Опять произошло небольшое движение: началось через всю комнату путешествие пустой папиросной коробочки, на которой толстый адвокат написал что-то, и все наблюдали за этапами ее пути, написано было, верно, что-то чрезвычайно смешное, но никто не читал, она честно шла из рук в руки, направляясь к Федору Константиновичу, и когда, наконец, добралась до него, то он прочел на ней: «Мне надо будет потом переговорить с вами о маленьком деле».

Последнее действие подходило к концу. Федора Константиновича незаметно покинул бог смеха, и он раздумчиво смотрел на блеск башмака. С парома на холодный берег.

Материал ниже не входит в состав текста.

(* Let $m,n\ge2$ be integers and let $H$ be the graph on the vertex set $\{x_{i,j}: i\in[m], j\in[n]\}$ with edge set $\{\{x_{i,j},x_{i',j+1}\}: 1\le i<i'\le m,\ 1\le j\le n-1\}$. Then \[\operatorname{match}(H)=(m-1)\left\lfloor\tfrac n2\right\rfloor+\left\lfloor\tfrac{n-1}2\right\rfloor.\]
   Context: $\operatorname{match}(H)$ is the maximum size of a matching (set of pairwise disjoint edges) in $H$. *)

From mathcomp Require Import all_boot.
Set Implicit Arguments. Unset Strict Implicit. Unset Printing Implicit Defensive.

(* A simple graph on a finite vertex type V is given by a relation e
   (assumed symmetric); its edges are the 2-sets {x,y} with e x y. *)
Definition is_edge (V : finType) (e : rel V) (A : {set V}) : bool :=
  [exists x, exists y, [&& x != y, e x y & A == [set x; y]]].

Definition is_matching (V : finType) (e : rel V) (M : {set {set V}}) : bool :=
  [forall A in M, is_edge e A] && trivIset M.

Definition match_num (V : finType) (e : rel V) : nat :=
  \max_(M : {set {set V}} | is_matching e M) #|M|.

(* The graph H of the paper on vertices x_{i,j}, i in [m], j in [n]
   (0-based indices here): x_{i,j} ~ x_{i',j+1} whenever i < i'. *)
Definition Hadj (m n : nat) : rel ('I_m * 'I_n) :=
  fun u v =>
    ((u.1 < v.1) && (u.2.+1 == v.2)) || ((v.1 < u.1) && (v.2.+1 == u.2)).
Arguments Hadj : clear implicits.

From mathcomp Require Import all_boot zify.
Set Implicit Arguments. Unset Strict Implicit. Unset Printing Implicit Defensive.

(* Every edge of H joins two consecutive columns, exactly one of which is odd,
   so the vertices of the odd columns cover all edges; the vertex (0, n-1) can
   even be dropped, since edges leave an odd column only before column n-1 and
   enter it only in rows > 0.  A matching is at most as large as a cover.
   Conversely, the edges (i, c) -- (i+1, c+1), i < m-1, for even c < n-1,
   together with the edges (0, c) -- (m-1, c+1) for odd c < n-1, are pairwise
   disjoint, and there are exactly as many of them as vertices in that cover
   (rows and columns are numbered from 0). *)

Section MatchingBounds.

Variables (V : finType) (e : rel V).

Lemma match_num_le_cover (T : {set V}) :
    (forall x y, x != y -> e x y -> (x \in T) || (y \in T)) ->
  match_num e <= #|T|.
Proof.
move=> coverT; apply/bigmax_leqP => M /andP[/forall_inP edgeM /trivIsetP disjM].
pose pickT A := [pick x in A :&: T].
have pickTP A : A \in M -> exists2 x, pickT A = Some x & x \in A :&: T.
  move=> /edgeM /existsP[x /existsP[y /and3P[xy exy /eqP defA]]].
  have [z zAT] : exists z, z \in A :&: T.
    by case/orP: (coverT x y xy exy); [exists x | exists y]; rewrite defA !inE eqxx ?orbT.
  by rewrite /pickT; case: pickP => [u ?|/(_ z)]; [exists u | rewrite zAT].
have pickT_inj : {in M &, injective pickT}.
  move=> A B AM BM eqAB; apply/eqP; apply: contraT => /(disjM A B AM BM) dAB.
  have [x pAx xAT] := pickTP A AM; have [y pBy yBT] := pickTP B BM.
  have xy : x = y by apply: Some_inj; rewrite -pAx -pBy eqAB.
  case/setIP: xAT => xA _; case/setIP: yBT; rewrite -xy => xB _.
  by rewrite (disjointFr dAB xA) in xB.
rewrite -(card_in_imset pickT_inj) -(card_imset T (@Some_inj _)).
apply: subset_leq_card; apply/subsetP => _ /imsetP[A AM ->].
by have [x -> /setIP[_ xT]] := pickTP A AM; rewrite imset_f.
Qed.

Lemma card_le_match_num (I : finType) (D : {set I}) (a b : I -> V) :
    {in D, forall d, a d != b d /\ e (a d) (b d)} ->
    {in D &, forall d d', d != d' -> [disjoint [set a d; b d] & [set a d'; b d']]} ->
  #|D| <= match_num e.
Proof.
move=> edgeD disjD; pose E d := [set a d; b d].
have E_inj : {in D &, injective E}.
  move=> d d' dD d'D eqE; apply/eqP; apply: contraT => /(disjD d d' dD d'D).
  by rewrite -/(E d) eqE => /disjointFr/(_ (set21 _ _)); rewrite set21.
rewrite -(card_in_imset E_inj); apply: leq_bigmax_cond; apply/andP; split.
  apply/forall_inP => _ /imsetP[d dD ->]; have [ab eab] := edgeD d dD.
  by apply/existsP; exists (a d); apply/existsP; exists (b d); rewrite ab eab eqxx.
apply/trivIsetP => _ _ /imsetP[d dD ->] /imsetP[d' d'D ->] neqE.
by apply: disjD => //; apply: contraNneq neqE => ->.
Qed.

End MatchingBounds.

Lemma card_setX_dep (A B : finType) (S : B -> {set A}) :
  #|[set v : A * B | v.1 \in S v.2]| = \sum_(b : B) #|S b|.
Proof.
rewrite -sum1_card (partition_big snd predT) //=; apply: eq_bigr => b _.
rewrite -sum1_card (reindex (pair^~ b)) /=; last first.
  by exists fst => [a _ | [a b'] /andP[_ /eqP /= ->]].
by apply: eq_bigl => a; rewrite !inE eqxx andbT.
Qed.

Lemma sum_ord_parity k a b :
  \sum_(c < k) (if odd c then a else b) = k./2 * a + uphalf k * b.
Proof.
elim: k => [|k IHk]; first by rewrite big_ord0.
rewrite big_ord_recr /= IHk !uphalf_half /=; case: (odd k) => /=; lia.
Qed.

Lemma card_odd_ord k : #|[set c : 'I_k | odd c]| = k./2.
Proof. by rewrite -sum1dep_card big_mkcond sum_ord_parity muln1 muln0 addn0. Qed.

Section Grid.

(* [m] and [n] are one less than in the theorem. *)
Variables m n : nat.

Local Notation V := ('I_m.+1 * 'I_n.+1)%type.
Local Notation H := (Hadj m.+1 n.+1).

Definition odd_cover : {set V} :=
  setX [set: 'I_m.+1] [set c : 'I_n.+1 | odd c] :\ (ord0, ord_max).

Lemma odd_cover_covers x y : H x y -> (x \in odd_cover) || (y \in odd_cover).
Proof.
suff cover (u v : V) : u.1 < v.1 -> u.2.+1 = v.2 ->
    (u \in odd_cover) || (v \in odd_cover).
  by case/orP=> /andP[lt /eqP succ]; [|rewrite orbC]; apply: cover.
case: u v => [i c] [i' c'] /= lt_ii' succ_cc'.
rewrite !inE !xpair_eqE -!val_eqE /=; have := ltn_ord c'; lia.
Qed.

Lemma card_odd_cover : #|odd_cover| = m * uphalf n + n./2.
Proof.
pose odd_cols := setX [set: 'I_m.+1] [set c : 'I_n.+1 | odd c].
apply/(@addnI ((ord0, ord_max) \in odd_cols)); rewrite -cardsD1.
rewrite cardsX cardsT card_ord card_odd_ord !inE /= uphalf_half; lia.
Qed.

Definition diag_rows (c : 'I_n) : {set 'I_m.+1} :=
  if odd c then [set ord0] else [set~ ord_max].

Definition diag_index : {set 'I_m.+1 * 'I_n} := [set d | d.1 \in diag_rows d.2].

Definition diag_tail (d : 'I_m.+1 * 'I_n) : V :=
  (if odd d.2 then ord0 else d.1, widen_ord (leqnSn n) d.2).

Definition diag_head (d : 'I_m.+1 * 'I_n) : V :=
  (if odd d.2 then ord_max else inord d.1.+1, lift ord0 d.2).

Lemma card_diag_index : #|diag_index| = m * uphalf n + n./2.
Proof.
rewrite card_setX_dep (eq_bigr (fun c : 'I_n => if odd c then 1 else m)) => [|c _].
  by rewrite sum_ord_parity addnC mulnC muln1.
by rewrite /diag_rows; case: odd; rewrite ?cards1 // cardsC1 card_ord.
Qed.

Hypothesis m_gt0 : 0 < m.

Lemma diag_coords i c : (i, c) \in diag_index ->
  let: (t, h) := (diag_tail (i, c), diag_head (i, c)) in
  t.2 = c :> nat /\ h.2 = c.+1 :> nat /\
  if odd c then i = 0 :> nat /\ t.1 = 0 :> nat /\ h.1 = m :> nat
  else i < m /\ t.1 = i :> nat /\ h.1 = i.+1 :> nat.
Proof.
rewrite inE /diag_rows /diag_tail /diag_head lift0; have i_le_m := ltn_ord i.
case: (odd c); rewrite !inE -val_eqE /= => row_i; rewrite ?inordK; lia.
Qed.

Lemma diag_is_edge d : d \in diag_index ->
  diag_tail d != diag_head d /\ H (diag_tail d) (diag_head d).
Proof.
case: d => i c /diag_coords; move: (diag_tail _) (diag_head _) => [t1 t2] [h1 h2] /=.
rewrite /Hadj xpair_eqE -!val_eqE /=; case: (odd c); lia.
Qed.

Lemma diag_endpoint i c x : (i, c) \in diag_index ->
    x \in [set diag_tail (i, c); diag_head (i, c)] ->
  let: (r, k) := (nat_of_ord x.1, nat_of_ord x.2) in
  if odd c then i = 0 :> nat /\ (r = 0 /\ k = c \/ r = m /\ k = c.+1)
  else i < m /\ (r = i /\ k = c \/ r = i.+1 /\ k = c.+1).
Proof.
move/diag_coords; move: (diag_tail _) (diag_head _) => t h /= coords.
by rewrite !inE => /orP[]/eqP->; case: (odd c) coords => /=; lia.
Qed.

Lemma diag_disjoint : {in diag_index &, forall d d', d != d' ->
  [disjoint [set diag_tail d; diag_head d] & [set diag_tail d'; diag_head d']]}.
Proof.
move=> [i c] [i' c'] dD d'D neq_dd'; rewrite -setI_eq0; apply/set0Pn => -[x /setIP[xd xd']].
move: neq_dd'; rewrite xpair_eqE -!val_eqE /=.
have := diag_endpoint dD xd; have := diag_endpoint d'D xd'.
case: (boolP (odd c)); case: (boolP (odd c')); lia.
Qed.

End Grid.

Theorem lemma4p1 (m n : nat) : 2 <= m -> 2 <= n ->
  match_num (Hadj m n) = (m - 1) * (n %/ 2) + (n - 1) %/ 2.
Proof.
case: m => [|m] // m_gt0; case: n => [|n] // _.
rewrite !subn1 !divn2 /=; apply/eqP; rewrite eqn_leq; apply/andP; split.
- rewrite -(card_odd_cover m n); apply: match_num_le_cover => x y _.
  exact: odd_cover_covers.
- rewrite -(card_diag_index m n); apply: card_le_match_num.
  + exact: diag_is_edge.
  + exact: diag_disjoint.
Qed.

Правый жал больше левого. Кончеев, полуоткрыв рот, досматривал альбом. «Занавес», – воскликнул Буш с легким ударением на последнем слоге.

Васильев объявил перерыв. У большинства был помятый и размаянный вид, как после ночи в третьем классе. Буш, свернув трагедию в толстую трубку, стоял в дальнем углу, и ему казалось, что в гуле голосов все расходятся круги от только что слышанного; Любовь Марковна предложила ему чаю, и тогда его могучее лицо вдруг беспомощно подобрело, и он, блаженно облизнувшись, наклонился к поданному стакану. Федор Константинович с каким-то испугом смотрел на это издали, а за собой различал:

«Скажите, что это такое?» (гневный голос Чернышевской).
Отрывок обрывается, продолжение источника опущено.